Former President Donald Trump arrives at a campaign event at Sioux Gateway Airport on Nov. 3, 2022, in Sioux City, Iowa. Trump held the rally to support for Iowa GOP candidates ahead of the state’s midterm election on Nov. 8. (Stephen Maturen/Getty Images/TNS))

WASHINGTON (Tribune News Service) — Donald Trump, still asserting he lost the presidency through fraud, is on the verge of announcing a comeback bid.

Without saying when, Trump declared at a rally Thursday night in Sioux City that "in order to make our country successful and safe and glorious, I will very, very, very, probably do it again."

Behind him, a huge banner read "Save America!" – reinforcing his message that the country has spiraled downward since he left the White House on Jan. 20, 2021, and that he represents the antidote.

"Very, very, very, probably," Trump said. "Get ready, that's all I'm telling you. Very soon. Get ready."

Axios, The New York Times and other news organizations reported that Trump's announcement could come as soon as Nov. 14. Some GOP strategists hope he puts that off if the dead-heat Georgia Senate contest between Sen. Raphael Warnock and Trump's pick, former football star Herschel Walker, goes to goes to a runoff Dec. 6.
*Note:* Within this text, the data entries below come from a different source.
Lemma order_iso_of_inj_homo d1 d2 (B1 : finPOrderType d1) (B2 : finPOrderType d2)
    (phi : B1 -> B2) (psi : B2 -> B1) :
  injective phi -> injective psi ->
  {homo phi : x y / x <= y} -> {homo psi : x y / x <= y} -> order_iso B1 B2.
Proof.
move=> phi_inj psi_inj phi_homo psi_homo.
exists phi; split; first by apply: inj_card_bij => //; apply: leq_card psi_inj.
pose le_pairs d (B : finPOrderType d) := [set u : B * B | u.1 <= u.2].
pose phi2 (u : B1 * B1) := (phi u.1, phi u.2).
pose psi2 (u : B2 * B2) := (psi u.1, psi u.2).
have phi2_inj : injective phi2 by move=> [? ?] [? ?] [/phi_inj -> /phi_inj ->].
have psi2_inj : injective psi2 by move=> [? ?] [? ?] [/psi_inj -> /psi_inj ->].
have sub_phi2 : phi2 @: le_pairs _ B1 \subset le_pairs _ B2.
  by apply/subsetP => v /imsetP[u]; rewrite !inE => /phi_homo le ->.
have sub_psi2 : psi2 @: le_pairs _ B2 \subset le_pairs _ B1.
  by apply/subsetP => v /imsetP[u]; rewrite !inE => /psi_homo le ->.
have img_phi2 : phi2 @: le_pairs _ B1 = le_pairs _ B2.
  apply/eqP; rewrite eqEcard sub_phi2 card_imset //.
  by have := subset_leq_card sub_psi2; rewrite card_imset.
move=> x y; apply/idP/idP => [le_phi | /phi_homo //].
have : (phi x, phi y) \in le_pairs _ B2 by rewrite inE.
by rewrite -img_phi2 => /imsetP[[u v]]; rewrite inE => le_uv [/phi_inj -> /phi_inj ->].
Qed.

Lemma order_iso_prod_cancel d d1 d2 (A : finPOrderType d)
    (B1 : finPOrderType d1) (B2 : finPOrderType d2) :
  (0 < #|A|)%N -> order_iso (A *p B1) (A *p B2) -> order_iso B1 B2.
Proof.
move=> /card_gt0P[a0 _] isoAB.
have eq0 (T : finType) (r : rel T) : nhoms r set0 B1 = nhoms r set0 B2.
  have := nhoms_iso r set0 isoAB; rewrite !nhoms0_prod => /eqP.
  by rewrite eqn_mul2l (negbTE (lt0n_neq0 (nhoms0_gt0 r a0))) => /eqP.
have [phi phi_inj phi_homo] := exists_inj_homo eq0.
have [psi psi_inj psi_homo] := exists_inj_homo (fun T r => esym (eq0 T r)).
exact: order_iso_of_inj_homo phi_inj psi_inj phi_homo psi_homo.
Qed.

(** * Products with a connected factor *)

(* An isomorphism A x B ~ C x D in coordinates; this form makes it easy to exchange the
   roles of the two factors on either side. *)
Record prod_iso dA dB dC dD (A : porderType dA) (B : porderType dB)
    (C : porderType dC) (D : porderType dD) := ProdIso {
  toC : A -> B -> C;
  toD : A -> B -> D;
  toA : C -> D -> A;
  toB : C -> D -> B;
  toCK : forall c d, toC (toA c d) (toB c d) = c;
  toDK : forall c d, toD (toA c d) (toB c d) = d;
  toAK : forall a b, toA (toC a b) (toD a b) = a;
  toBK : forall a b, toB (toC a b) (toD a b) = b;
  le_toCD : forall a b a' b',
    (toC a b <= toC a' b') && (toD a b <= toD a' b') = (a <= a') && (b <= b')
}.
"Donald Trump's theory of the case is that he already did this job and he did it better than the current president," Kellyanne Conway, a Trump adviser, told reporters Thursday over breakfast hosted by the Christian Science Monitor. "Donald Trump has a better shot at being the Republican nominee for president than Joe Biden has at being the Democratic nominee."

Conway, who ran Trump's victorious 2016 campaign, said she urged him to put off launching a 2024 bid until after the midterms, though other confidants saw no reason to delay. She expects he will announce a 2024 campaign "soon," she said, adding, "I give him a ton of credit for not announcing this year, for not stepping in the way of the midterm candidates."

Trump remains a highly polarizing figure.

More Americans view him unfavorably than favorably — 54% to 41% in the RealClearPolitics average of surveys. That's slightly worse than Biden's numbers: 52% unfavorable to 44% favorable.

But Trump remains the prohibitive favorite among Republicans for the GOP nomination in 2024, leading the pack with 52% support in the RealClearPolitics average, with Florida Gov. Ron DeSantis a distant second at 21%, followed by Trump's estranged Vice President Mike Pence at 8% and Texas Sen. Ted Cruz at 3%.

In a head-to-head contest, Biden and Trump are tied in the latest Wall Street Journal poll, though state by state, which is how presidents are elected, show pockets of strength for each.

Conway said victory would be assured if Trump keeps attention focused on the "binary" choice between his record and Biden's.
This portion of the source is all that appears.